◆ **The records**
Lemma dcirc_compat2 x y z :
  m (dcirc x y) z - dcirc x (m y z) = m (dcirc y x) z - dcirc y (m x z).
Proof.
rewrite /dcirc !dD_leibniz !dmulDr -!dmulA (dmulC (D y) z) (dmulC (D x) z).
by rewrite !opprD !addrA !subrr !add0r (dmulCA x).
Qed.

Lemma dcirc_dmul x y z : dcirc x (m y z) = m (dcirc x y) z + m (dcirc x z) y.
Proof. by rewrite /dcirc dD_leibniz dmulDr -!dmulA (dmulC (D z)) addrC. Qed.

Definition gdnp_of_diff : GDNPAlg k :=
  Build_GDNPAlg (@dmul_linl k K) (@dmul_linr k K) (@dmulC k K) (@dmulA k K)
    (@dmul1 k K) dcirc_linl dcirc_linr dcirc_lsym dcirc_rcomm dcirc_compat1
    dcirc_compat2.
End DiffAlgTheory.

Section GDNPTheory.
Variables (k : fieldType) (A : GDNPAlg k).
Local Notation m := (@gmul k A).
Local Notation c := (@gcirc k A).

Lemma gmulr0 x : m x 0 = 0.
Proof. exact: (lin0 (fun a y z => gmul_linr a y z x)). Qed.

Lemma gcirc0r y : c 0 y = 0.
Proof. exact: (lin0 (fun a x z => gcirc_linl a x z y)). Qed.

Lemma gcircr0 x : c x 0 = 0.
Proof. exact: (lin0 (fun a y z => gcirc_linr a y z x)). Qed.

Lemma gcircE x y : c x y = m x (c (gone A) y).
Proof. by rewrite -gcompat1 gmulC gmul1. Qed.

Hypothesis gcirc_gmul : forall x y z, c x (m y z) = m (c x y) z + m (c x z) y.

Definition gdnp_der (x : A) := c (gone A) x.

Lemma gdnp_der_lin a x y : gdnp_der (a *: x + y) = a *: gdnp_der x + gdnp_der y.
Proof. exact: gcirc_linr. Qed.

Lemma gdnp_der_leibniz x y : gdnp_der (m x y) = m (gdnp_der x) y + m x (gdnp_der y).
Proof. by rewrite /gdnp_der gcirc_gmul (gmulC x). Qed.

Definition diff_of_gdnp : DiffAlg k :=
  Build_DiffAlg (@gmul_linl k A) (@gmul_linr k A) (@gmulC k A) (@gmulA k A)
    (@gmul1 k A) gdnp_der_lin gdnp_der_leibniz.
End GDNPTheory.

Section Homomorphisms.
Variable k : fieldType.

Lemma GDNP_hom_comp (A B C : GDNPAlg k) (f : A -> B) (g : B -> C) :
  GDNP_hom f -> GDNP_hom g -> GDNP_hom (g \o f).
Proof.
move=> [fl [fm [f1 fc]]] [gl [gm [g1 gc]]].
split; first by move=> a x y /=; rewrite fl gl.
split; first by move=> x y /=; rewrite fm gm.
by split=> [/=|x y /=]; rewrite ?f1 ?g1 // fc gc.
Qed.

◆ **To do**
Reproduce verbatim only the segment of the listing bounded by the line containing "Proof. exact: (lin0 (fun a y z => gcirc_linr" and the line containing "Variable k : fieldType.", with both boundary lines included.

◆ **Result of this task**
Proof. exact: (lin0 (fun a y z => gcirc_linr a y z x)). Qed.

Lemma gcircE x y : c x y = m x (c (gone A) y).
Proof. by rewrite -gcompat1 gmulC gmul1. Qed.

Hypothesis gcirc_gmul : forall x y z, c x (m y z) = m (c x y) z + m (c x z) y.

Definition gdnp_der (x : A) := c (gone A) x.

Lemma gdnp_der_lin a x y : gdnp_der (a *: x + y) = a *: gdnp_der x + gdnp_der y.
Proof. exact: gcirc_linr. Qed.

Lemma gdnp_der_leibniz x y : gdnp_der (m x y) = m (gdnp_der x) y + m x (gdnp_der y).
Proof. by rewrite /gdnp_der gcirc_gmul (gmulC x). Qed.

Definition diff_of_gdnp : DiffAlg k :=
  Build_DiffAlg (@gmul_linl k A) (@gmul_linr k A) (@gmulC k A) (@gmulA k A)
    (@gmul1 k A) gdnp_der_lin gdnp_der_leibniz.
End GDNPTheory.

Section Homomorphisms.
Variable k : fieldType.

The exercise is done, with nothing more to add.